◆ EXERCISE DIRECTIONS
Your answer should be each line of the entries that contains the word "eigenspace", copied in full.

START SUPPLIED DATA

Theorem mainTheorem3 (R : realFieldType) (n t k m : nat) (sigma alpha : R)
    (S : nat -> seq 'I_n -> {set 'I_n}) :
  (0 < n)%N -> (0 < t)%N ->
  0 < sigma -> sigma <= 1 -> sigma * n%:R = m%:R ->
  0 < alpha -> alpha / sigma = k%:R -> (0 < k)%N ->
  (forall (j : nat) (h : seq 'I_n), (j < t)%N -> size h = j -> #|S j h| = m) ->
  [/\ (* (a) *)
      forall x : t.-tuple 'I_n,
        @Pr n k t S R [pred om | [forall j, @Xof n k t S om j == tnth x j]]
        = @adaptive_pmf n t S R x,
      (* (b) *)
      forall (j : 'I_t) (i : 'I_k) (v : 'I_n),
        @Pr n k t S R [pred om | @Zof n k t S om j i == v] = n%:R^-1,
      (* (c) *)
      forall z : 'I_t -> 'I_k -> 'I_n,
        @Pr n k t S R [pred om | [forall j, forall i, @Zof n k t S om j i == z j i]]
        = \prod_(j < t) \prod_(i < k) @Pr n k t S R [pred om | @Zof n k t S om j i == z j i]
    & (* (d) *)
      1 - t%:R * (1 - sigma) ^+ k
      <= @Pr n k t S R [pred om | [forall j, exists j', exists i,
                            @Xof n k t S om j == @Zof n k t S om j' i]] ].
Proof.
move=> n_gt0 _ sigma_gt0 _ sigma_n _ _ k_gt0 card_S.
have m_gt0 : (0 < m)%N by rewrite -(ltr0n R) -sigma_n mulr_gt0 // ltr0n.
have sigmaE : sigma = m%:R / n%:R by rewrite -sigma_n mulfK // pnatr_eq0 -lt0n.
split.
- exact: (Pr_X R n_gt0 k_gt0 m_gt0 card_S).
- exact: (Pr_Z_at R n_gt0 k_gt0 m_gt0 card_S).
- move=> z; rewrite (Pr_Z_all R n_gt0 k_gt0 m_gt0 card_S).
  apply: eq_bigr => j _; apply: eq_bigr => i _.
  by rewrite (Pr_Z_at R n_gt0 k_gt0 m_gt0 card_S).
- by rewrite sigmaE; exact: (Pr_X_in_Z R n_gt0 k_gt0 m_gt0 card_S).
Qed.
Definition abc_aut : Gautomaton F2xF2 'I_3 :=
  @GAut F2xF2 'I_3 'I_3 abc_delta sa predT.

Lemma abc_deltaP q o q' m : (q', m) \in abc_delta q o ->
  exists2 s, o = Some s & [/\ q <= s, q' = s & m = abc_label s].
Proof.
by case: o => [s|] //=; case: ifP => // le_qs; rewrite mem_seq1 => /eqP [-> ->]; exists s.
Qed.

Lemma comp_abc_path q x w k q' y : comp abc_aut q x w k q' y ->
  path (fun s t : 'I_3 => s <= t) q w.
Proof.
elim=> {q x w k q' y} [//|q x s w k q1 m q' y H _ IH|q x w k q1 m q' y H _ _].
  by case/abc_deltaP: H => _ [<-] [le_qs Eq1 _]; rewrite /= le_qs -Eq1.
by case/abc_deltaP: H.
Qed.

Lemma comp_abc_exp_sum q x w k q' y : comp abc_aut q x w k q' y ->
  (exp_sum false (sval y.1) =
     exp_sum false (sval x.1) + (count_mem sa w)%:Z - (count_mem sb w)%:Z)%R /\
  (exp_sum false (sval y.2) =
     exp_sum false (sval x.2) + (count_mem sb w)%:Z - (count_mem sc w)%:Z)%R.
Proof.
elim=> {q x w k q' y} [q x|q x s w k q1 m q' y H _ [IH1 IH2]|q x w k q1 m q' y /abc_deltaP []//].
  by rewrite /=; lia.
move: IH1 IH2; case/abc_deltaP: H => _ [<-] [_ _ ->]; rewrite /= !exp_sum_mul.
have exp_F2a : (exp_sum false (sval F2a) = 1)%R by rewrite /exp_sum big_cons big_nil.
have exp_F2ai : (exp_sum false (sval (F2inv F2a)) = -1)%R by rewrite /exp_sum big_cons big_nil.
have exp_1 : (exp_sum false (sval F2one) = 0)%R by rewrite /exp_sum big_nil.
(* [congr] first: the registers occur in convertible but syntactically different
   forms, which [lia] would take for distinct atoms. *)
by case: (I3_cases s) => ->; rewrite /abc_label /= ?exp_F2a ?exp_F2ai ?exp_1 => -> ->;
  split; rewrite -!addrA; congr (_ + _)%R; lia.
Qed.

Lemma comp_abc_nseq (q s : 'I_3) x n : q <= s -> exists2 q' : 'I_3, q' <= s &
  comp abc_aut q x (nseq n s) n q' (iter n (fun y : gcar F2xF2 => gmul y (abc_label s)) x).
Proof.
elim: n q x => [|n IH] q x le_qs; first by exists q => //; apply: comp_nil.
have [q' le_q's C] := IH s (gmul (x : gcar F2xF2) (abc_label s)) (leqnn s).
exists q' => //; rewrite iterSr; apply: comp_read C.
by rewrite /= le_qs mem_seq1.
Qed.

Lemma abc_aut_accepts n : accepts_in abc_aut (abc n n n) (n + (n + n)).
Proof.
pose X := iter n (F2mul^~ F2a) F2one.
have [q1 le_q1a Ca] := comp_abc_nseq (F2one, F2one) n (leqnn sa).
have [q2 le_q2b Cb] := comp_abc_nseq (X, F2one) n (leq_trans le_q1a (isT : sa <= sb)).
have [q3 _ Cc] := comp_abc_nseq (F2one, X) n (leq_trans le_q2b (isT : sb <= sc)).
rewrite iter_prod_mul /= (iter_mul_id F2_mulg1) in Ca.
rewrite iter_prod_mul /= (iter_mulK F2_mulgA F2_mulg1 F2a_mulgV) in Cb.
rewrite iter_prod_mul /= (iter_mul_id F2_mulg1) (iter_mulK F2_mulgA F2_mulg1 F2a_mulgV) in Cc.
by exists q3; split=> //; apply: comp_cat Ca (comp_cat Cb Cc).
Qed.
(* Consider a translation-invariant, nearest-neighbor, frustration free quantum spin chain as described in the context, and let $m,n\ge1$. The Hermitian operator $K(-m,n)=G(-m,0)\,G(0,n)\,G(-m,0)$ (acting on $\mathcal{H}_{[-m,n]}$) has range contained in $\mathcal{G}(-m,0)\otimes\mathcal{G}(1,n)$; its eigenspace for eigenvalue $1$ is exactly $\mathcal{G}(-m,n)$; and $\varepsilon(m,n)$ equals the largest eigenvalue of $K(-m,n)$ that is less than $1$.
   Context: For each $x\in\mathbb{Z}$, $\mathcal{H}_x=\mathbb{C}^d$, $\mathcal{H}_\Lambda=\bigotimes_{x\in\Lambda}\mathcal{H}_x$. A fixed positive operator $h$ on $\mathbb{C}^d\otimes\mathbb{C}^d$ gives $h(x,x+1)$ on sites $x,x+1$; $H(c,d)=\sum_{x=c}^{d-1}h(x,x+1)$ for $c\le d$ (extended by the identity to larger intervals, $H(c,c)=0$). Frustration free: $\mathcal{G}(c,d):=\operatorname{Ker}H(c,d)\ne\{0\}$ for every interval $[c,d]$; here $\mathcal{G}(c,d)$ for the interval $[c,d]$ is regarded as a subspace of $\mathcal{H}_{[c,d]}$ when written in tensor products, and $G(c,d)$ is the orthogonal projection onto $\operatorname{Ker}H(c,d)$ (with $G(c,c)=1$). $\varepsilon(m,n)=\sup\{\langle\psi,G(0,n)\psi\rangle:\psi\in\mathcal{G}(-m,0),\ \psi\perp\mathcal{G}(-m,n),\ \|\psi\|=1\}$, computed in $\mathcal{H}_{[-m,n]}$. *)

From HB Require Import structures.
From mathcomp Require Import all_boot all_order all_algebra.
From mathcomp Require Import classical_sets reals.
From mathcomp.real_closed Require Import complex mxtens.

Unset Strict Implicit.
Unset Printing Implicit Defensive.

Import Order.TTheory GRing.Theory Num.Theory.
Local Open Scope ring_scope.

(* Conventions:
   - scalars: C = R[i] with R : realType (a model of the complex numbers);
   - the chain on L consecutive sites has Hilbert space C^(d^L), tensor
     products are Kronecker products [tensmx] (mathcomp real_closed/mxtens);
   - vectors are row vectors, an operator A acts by  v |-> v *m A
     (mathcomp's row convention, so kernels are [kermx], ranges are row
     spaces, eigenspaces are [eigenspace]);
   - inner product: [dotmx u v = (u *m v^t* ) 0 0] (spectral.v). *)

Section Chain.
Variable R : realType.
Local Notation C := (R[i]).
Variable d : nat.
Variable h : 'M[C]_(d ^ 2).

(* A placed on k consecutive sites with a sites to its left and b to its right,
   inside a chain of N = a + k + b sites (identity elsewhere).  [conform_mx]
   only performs the dimension cast d^a * d^k * d^b = d^N; in every use below
   a + k + b = N holds, so it is exactly  1 (x) A (x) 1. *)
Definition embed (a k b N : nat) (A : 'M[C]_(d ^ k)) : 'M[C]_(d ^ N) :=
  conform_mx 0 ((1%:M : 'M[C]_(d ^ a)) *t A *t (1%:M : 'M[C]_(d ^ b))).
(* At a unit extreme eigenvector [v] of [S - Sb], with eigenvalue [l], the form of
   [S S - Sb Sb = S (S - Sb) + (S - Sb) Sb] is [l (a + b)], where [a, b >= s] are the forms
   of [S] and [Sb] at [v] and [|l| = |a - b| <= a + b]. *)
Lemma sqrt_perturbation n (S Sb : 'M[R]_n.+1) s DP : S^T = S -> Sb^T = Sb -> 0 <= s ->
  (forall x, s * dot x x <= dot x (S *m x)) -> (forall x, s * dot x x <= dot x (Sb *m x)) ->
  mxbound (S *m S - Sb *m Sb) DP ->
  exists L, [/\ 0 <= L, mxbound (S - Sb) L, L ^+ 2 <= DP & 2 * s * L <= DP].
Proof.
move=> sS sSb s0 S_low Sb_low DPb; set D := S - Sb.
have sD : D^T = D by rewrite /D linearB /= sS sSb.
have [v [l [vv Dv D_top]]] := symmetric_top_eigenvector sD.
set a := dot v (S *m v); set b := dot v (Sb *m v).
have sa : s <= a by have := S_low v; rewrite vv mulr1.
have sb : s <= b by have := Sb_low v; rewrite vv mulr1.
have ab : a - b = l by rewrite /a /b -dotBr -mulmxBl -/D Dv dotZr vv mulr1.
have PE : S *m S - Sb *m Sb = S *m D + D *m Sb.
  by rewrite /D mulmxBr mulmxBl addrA subrK.
have Pv : dot v ((S *m S - Sb *m Sb) *m v) = l * (a + b).
  rewrite PE mulmxDl dotDr -mulmxA Dv -scalemxAr dotZr -mulmxA dot_mulmx sD Dv dotZl.
  by rewrite mulrDr.
have vn : vnorm v = 1 by rewrite vnormE vv sqrtr1.
have lab : `|l| * (a + b) <= DP.
  rewrite -(@ger0_norm _ (a + b)) -?normrM -?Pv; last lra.
  apply: le_trans (dot_le_vnorm _ _) _; rewrite vn mul1r.
  by apply: le_trans (DPb v) _; rewrite vn mulr1.
have l_ab : `|l| <= a + b by rewrite -ab; apply: le_trans (ler_normB _ _) _; rewrite !ger0_norm; lra.
exists `|l|; split.
- exact: normr_ge0.
- by apply: mxbound_sqr => // x; rewrite -normrX ger0_norm ?sqr_ge0 ?D_top.
- by apply: le_trans lab; rewrite expr2 ler_wpM2l.
- by apply: le_trans lab; rewrite mulrC ler_wpM2l //; lra.
Qed.

Lemma mxbound_inv_sqrt n (P : 'M[R]_n) t : P^T = P -> 0 < t ->
  (forall x, t * dot x x <= dot x (P *m x)) -> mxbound (inv_sqrt P) (Num.sqrt t)^-1.
Proof.
move=> sP t0 P_low; have [_ _ S_low] := psd_sqrt_spec sP (ltW t0) P_low.
by apply: qf_lower_mxbound_invmx S_low; rewrite sqrtr_gt0.
Qed.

END SUPPLIED DATA

◆ SOLUTION TO THIS TASK
(* Consider a translation-invariant, nearest-neighbor, frustration free quantum spin chain as described in the context, and let $m,n\ge1$. The Hermitian operator $K(-m,n)=G(-m,0)\,G(0,n)\,G(-m,0)$ (acting on $\mathcal{H}_{[-m,n]}$) has range contained in $\mathcal{G}(-m,0)\otimes\mathcal{G}(1,n)$; its eigenspace for eigenvalue $1$ is exactly $\mathcal{G}(-m,n)$; and $\varepsilon(m,n)$ equals the largest eigenvalue of $K(-m,n)$ that is less than $1$.
     spaces, eigenspaces are [eigenspace]);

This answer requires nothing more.